Work instructions
The lines below starting at the line containing "- delta'). *)" and ending at the line containing "Proof. by apply/matrixP" are to be repeated exactly, with both ends kept and nothing else added.
============================================================
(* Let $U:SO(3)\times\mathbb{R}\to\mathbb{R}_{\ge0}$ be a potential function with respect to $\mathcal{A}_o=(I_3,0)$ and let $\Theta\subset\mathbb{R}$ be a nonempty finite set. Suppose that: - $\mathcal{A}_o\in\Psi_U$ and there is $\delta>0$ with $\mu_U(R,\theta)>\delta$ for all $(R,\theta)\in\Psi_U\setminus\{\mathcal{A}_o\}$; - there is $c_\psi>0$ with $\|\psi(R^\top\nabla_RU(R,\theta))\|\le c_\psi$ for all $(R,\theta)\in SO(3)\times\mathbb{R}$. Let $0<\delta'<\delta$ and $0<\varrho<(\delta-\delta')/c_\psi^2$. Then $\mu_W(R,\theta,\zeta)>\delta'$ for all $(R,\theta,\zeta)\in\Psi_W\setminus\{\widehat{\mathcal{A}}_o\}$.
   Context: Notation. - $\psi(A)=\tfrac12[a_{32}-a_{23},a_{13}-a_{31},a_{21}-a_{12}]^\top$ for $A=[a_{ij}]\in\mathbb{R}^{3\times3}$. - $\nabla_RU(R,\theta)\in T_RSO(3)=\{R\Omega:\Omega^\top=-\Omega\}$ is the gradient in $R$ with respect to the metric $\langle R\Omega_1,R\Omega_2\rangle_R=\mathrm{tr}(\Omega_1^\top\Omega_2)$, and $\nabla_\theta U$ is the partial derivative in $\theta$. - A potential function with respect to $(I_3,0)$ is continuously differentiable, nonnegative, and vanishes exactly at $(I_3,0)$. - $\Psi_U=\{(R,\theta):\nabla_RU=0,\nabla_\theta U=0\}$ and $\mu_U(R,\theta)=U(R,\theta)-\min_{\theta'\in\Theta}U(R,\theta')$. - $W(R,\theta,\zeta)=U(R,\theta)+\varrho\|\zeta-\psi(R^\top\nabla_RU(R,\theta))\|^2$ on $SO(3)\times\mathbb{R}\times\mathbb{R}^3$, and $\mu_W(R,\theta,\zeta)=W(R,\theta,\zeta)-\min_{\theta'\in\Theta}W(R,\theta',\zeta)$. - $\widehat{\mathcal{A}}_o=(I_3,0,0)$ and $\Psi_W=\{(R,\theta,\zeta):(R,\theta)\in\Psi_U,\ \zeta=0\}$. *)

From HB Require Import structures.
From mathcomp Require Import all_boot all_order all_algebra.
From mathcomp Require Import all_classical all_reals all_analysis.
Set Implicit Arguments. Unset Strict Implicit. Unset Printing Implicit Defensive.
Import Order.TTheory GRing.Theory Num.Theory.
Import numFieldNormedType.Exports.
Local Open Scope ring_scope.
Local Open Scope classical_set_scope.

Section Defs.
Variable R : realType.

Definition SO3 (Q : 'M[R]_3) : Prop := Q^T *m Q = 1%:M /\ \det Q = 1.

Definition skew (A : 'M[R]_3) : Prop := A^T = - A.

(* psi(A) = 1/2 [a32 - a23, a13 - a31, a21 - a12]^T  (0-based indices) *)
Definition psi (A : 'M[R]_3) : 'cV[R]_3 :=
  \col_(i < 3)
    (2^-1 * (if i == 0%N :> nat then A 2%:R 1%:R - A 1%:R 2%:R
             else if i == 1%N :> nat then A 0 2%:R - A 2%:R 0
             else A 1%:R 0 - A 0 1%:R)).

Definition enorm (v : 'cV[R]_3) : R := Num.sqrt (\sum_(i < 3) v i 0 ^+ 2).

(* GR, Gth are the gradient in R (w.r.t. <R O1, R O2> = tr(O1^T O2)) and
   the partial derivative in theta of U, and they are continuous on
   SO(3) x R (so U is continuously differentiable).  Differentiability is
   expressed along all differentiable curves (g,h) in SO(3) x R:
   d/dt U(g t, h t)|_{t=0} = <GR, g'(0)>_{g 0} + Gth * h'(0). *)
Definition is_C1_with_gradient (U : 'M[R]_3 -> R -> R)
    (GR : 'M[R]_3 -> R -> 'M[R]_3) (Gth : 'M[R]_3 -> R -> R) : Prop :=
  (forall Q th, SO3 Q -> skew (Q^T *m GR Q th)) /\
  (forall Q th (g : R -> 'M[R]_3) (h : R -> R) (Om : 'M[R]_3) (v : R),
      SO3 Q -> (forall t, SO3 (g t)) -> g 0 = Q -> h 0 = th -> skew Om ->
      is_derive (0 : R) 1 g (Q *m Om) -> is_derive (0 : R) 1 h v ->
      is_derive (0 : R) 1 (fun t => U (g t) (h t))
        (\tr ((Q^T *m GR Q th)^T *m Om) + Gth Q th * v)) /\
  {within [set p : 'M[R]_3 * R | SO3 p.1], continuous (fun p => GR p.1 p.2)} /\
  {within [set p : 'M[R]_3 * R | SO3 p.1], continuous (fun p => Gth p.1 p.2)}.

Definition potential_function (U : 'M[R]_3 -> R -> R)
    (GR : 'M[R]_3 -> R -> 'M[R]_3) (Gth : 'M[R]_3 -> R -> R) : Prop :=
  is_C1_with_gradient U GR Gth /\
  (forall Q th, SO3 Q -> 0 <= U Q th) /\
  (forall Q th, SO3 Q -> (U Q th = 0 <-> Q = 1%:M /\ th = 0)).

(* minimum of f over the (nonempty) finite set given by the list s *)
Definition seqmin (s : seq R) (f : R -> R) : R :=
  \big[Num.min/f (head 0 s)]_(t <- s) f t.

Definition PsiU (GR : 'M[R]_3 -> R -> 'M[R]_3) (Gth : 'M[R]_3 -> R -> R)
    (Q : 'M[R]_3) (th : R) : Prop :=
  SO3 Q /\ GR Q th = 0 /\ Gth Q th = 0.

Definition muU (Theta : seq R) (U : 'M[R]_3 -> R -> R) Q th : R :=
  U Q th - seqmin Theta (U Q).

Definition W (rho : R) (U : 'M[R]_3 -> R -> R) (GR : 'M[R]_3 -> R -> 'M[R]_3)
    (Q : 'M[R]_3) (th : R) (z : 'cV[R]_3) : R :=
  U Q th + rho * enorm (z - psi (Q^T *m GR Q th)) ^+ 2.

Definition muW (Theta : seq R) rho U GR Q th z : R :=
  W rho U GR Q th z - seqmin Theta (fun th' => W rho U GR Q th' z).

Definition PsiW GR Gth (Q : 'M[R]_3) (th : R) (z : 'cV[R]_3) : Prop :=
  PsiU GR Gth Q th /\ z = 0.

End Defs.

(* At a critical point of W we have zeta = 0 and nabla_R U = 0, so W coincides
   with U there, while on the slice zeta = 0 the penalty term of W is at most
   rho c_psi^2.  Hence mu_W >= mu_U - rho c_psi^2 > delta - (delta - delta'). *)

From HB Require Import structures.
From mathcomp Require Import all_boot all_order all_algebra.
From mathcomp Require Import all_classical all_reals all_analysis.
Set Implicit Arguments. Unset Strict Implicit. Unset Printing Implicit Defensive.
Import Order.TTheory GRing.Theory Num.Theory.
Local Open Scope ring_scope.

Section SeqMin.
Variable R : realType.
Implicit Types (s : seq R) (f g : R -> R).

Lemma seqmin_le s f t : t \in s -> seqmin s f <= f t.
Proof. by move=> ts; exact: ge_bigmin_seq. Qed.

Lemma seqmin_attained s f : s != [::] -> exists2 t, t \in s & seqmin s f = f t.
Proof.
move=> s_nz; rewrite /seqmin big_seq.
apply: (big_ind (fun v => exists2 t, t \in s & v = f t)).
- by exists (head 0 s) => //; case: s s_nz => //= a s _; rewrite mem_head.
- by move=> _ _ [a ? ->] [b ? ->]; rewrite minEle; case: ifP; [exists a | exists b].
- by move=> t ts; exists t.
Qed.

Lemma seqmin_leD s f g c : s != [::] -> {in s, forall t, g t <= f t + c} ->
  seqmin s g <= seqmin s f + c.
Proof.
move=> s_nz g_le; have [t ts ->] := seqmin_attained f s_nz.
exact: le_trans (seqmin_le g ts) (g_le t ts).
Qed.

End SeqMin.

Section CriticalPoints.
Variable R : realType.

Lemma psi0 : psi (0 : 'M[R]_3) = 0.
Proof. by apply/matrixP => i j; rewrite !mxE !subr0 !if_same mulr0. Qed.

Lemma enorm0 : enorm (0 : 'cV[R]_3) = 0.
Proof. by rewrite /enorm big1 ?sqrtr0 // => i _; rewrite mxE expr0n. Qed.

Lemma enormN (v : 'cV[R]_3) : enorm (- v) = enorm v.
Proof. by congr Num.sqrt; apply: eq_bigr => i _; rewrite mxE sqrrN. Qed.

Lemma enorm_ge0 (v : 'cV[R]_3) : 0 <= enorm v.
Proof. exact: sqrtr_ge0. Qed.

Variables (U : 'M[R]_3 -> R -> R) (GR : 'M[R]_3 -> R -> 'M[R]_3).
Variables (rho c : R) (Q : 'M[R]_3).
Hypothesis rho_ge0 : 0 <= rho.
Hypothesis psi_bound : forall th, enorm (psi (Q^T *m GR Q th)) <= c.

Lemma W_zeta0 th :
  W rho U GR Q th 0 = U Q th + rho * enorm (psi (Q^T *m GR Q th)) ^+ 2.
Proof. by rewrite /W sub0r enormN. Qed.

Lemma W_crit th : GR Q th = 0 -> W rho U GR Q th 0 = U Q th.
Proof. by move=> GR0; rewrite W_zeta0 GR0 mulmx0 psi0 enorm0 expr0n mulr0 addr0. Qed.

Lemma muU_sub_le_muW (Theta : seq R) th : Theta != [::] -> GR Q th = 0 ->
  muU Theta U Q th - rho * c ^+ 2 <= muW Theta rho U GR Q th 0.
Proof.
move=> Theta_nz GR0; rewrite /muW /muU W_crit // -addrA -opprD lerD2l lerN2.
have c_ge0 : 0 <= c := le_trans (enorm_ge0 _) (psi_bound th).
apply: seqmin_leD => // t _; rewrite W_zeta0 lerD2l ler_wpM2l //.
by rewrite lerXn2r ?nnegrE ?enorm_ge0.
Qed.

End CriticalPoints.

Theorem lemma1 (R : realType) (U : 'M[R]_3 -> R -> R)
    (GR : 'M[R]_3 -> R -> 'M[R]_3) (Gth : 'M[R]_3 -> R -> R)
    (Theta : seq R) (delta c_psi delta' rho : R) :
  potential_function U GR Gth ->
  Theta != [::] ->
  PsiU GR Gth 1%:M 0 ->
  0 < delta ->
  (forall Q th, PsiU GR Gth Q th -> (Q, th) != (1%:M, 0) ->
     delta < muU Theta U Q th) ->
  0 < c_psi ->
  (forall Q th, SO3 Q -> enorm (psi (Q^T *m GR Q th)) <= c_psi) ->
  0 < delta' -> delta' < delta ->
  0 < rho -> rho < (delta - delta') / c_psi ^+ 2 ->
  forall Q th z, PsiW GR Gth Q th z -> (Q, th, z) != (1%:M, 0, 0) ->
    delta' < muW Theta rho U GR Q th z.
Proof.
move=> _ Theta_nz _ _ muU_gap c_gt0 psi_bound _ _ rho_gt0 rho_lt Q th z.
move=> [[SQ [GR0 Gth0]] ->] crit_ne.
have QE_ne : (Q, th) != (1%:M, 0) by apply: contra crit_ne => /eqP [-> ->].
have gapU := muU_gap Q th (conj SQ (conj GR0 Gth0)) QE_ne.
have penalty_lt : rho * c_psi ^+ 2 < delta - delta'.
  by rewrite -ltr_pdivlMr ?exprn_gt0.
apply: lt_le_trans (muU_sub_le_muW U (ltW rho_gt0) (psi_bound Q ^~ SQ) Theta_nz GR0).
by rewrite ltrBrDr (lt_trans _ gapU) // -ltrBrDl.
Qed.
============================================================
Answer space
   rho c_psi^2.  Hence mu_W >= mu_U - rho c_psi^2 > delta - (delta - delta'). *)

From HB Require Import structures.
From mathcomp Require Import all_boot all_order all_algebra.
From mathcomp Require Import all_classical all_reals all_analysis.
Set Implicit Arguments. Unset Strict Implicit. Unset Printing Implicit Defensive.
Import Order.TTheory GRing.Theory Num.Theory.
Local Open Scope ring_scope.

Section SeqMin.
Variable R : realType.
Implicit Types (s : seq R) (f g : R -> R).

Lemma seqmin_le s f t : t \in s -> seqmin s f <= f t.
Proof. by move=> ts; exact: ge_bigmin_seq. Qed.

Lemma seqmin_attained s f : s != [::] -> exists2 t, t \in s & seqmin s f = f t.
Proof.
move=> s_nz; rewrite /seqmin big_seq.
apply: (big_ind (fun v => exists2 t, t \in s & v = f t)).
- by exists (head 0 s) => //; case: s s_nz => //= a s _; rewrite mem_head.
- by move=> _ _ [a ? ->] [b ? ->]; rewrite minEle; case: ifP; [exists a | exists b].
- by move=> t ts; exists t.
Qed.

Lemma seqmin_leD s f g c : s != [::] -> {in s, forall t, g t <= f t + c} ->
  seqmin s g <= seqmin s f + c.
Proof.
move=> s_nz g_le; have [t ts ->] := seqmin_attained f s_nz.
exact: le_trans (seqmin_le g ts) (g_le t ts).
Qed.

End SeqMin.

Section CriticalPoints.
Variable R : realType.

Lemma psi0 : psi (0 : 'M[R]_3) = 0.
Proof. by apply/matrixP => i j; rewrite !mxE !subr0 !if_same mulr0. Qed.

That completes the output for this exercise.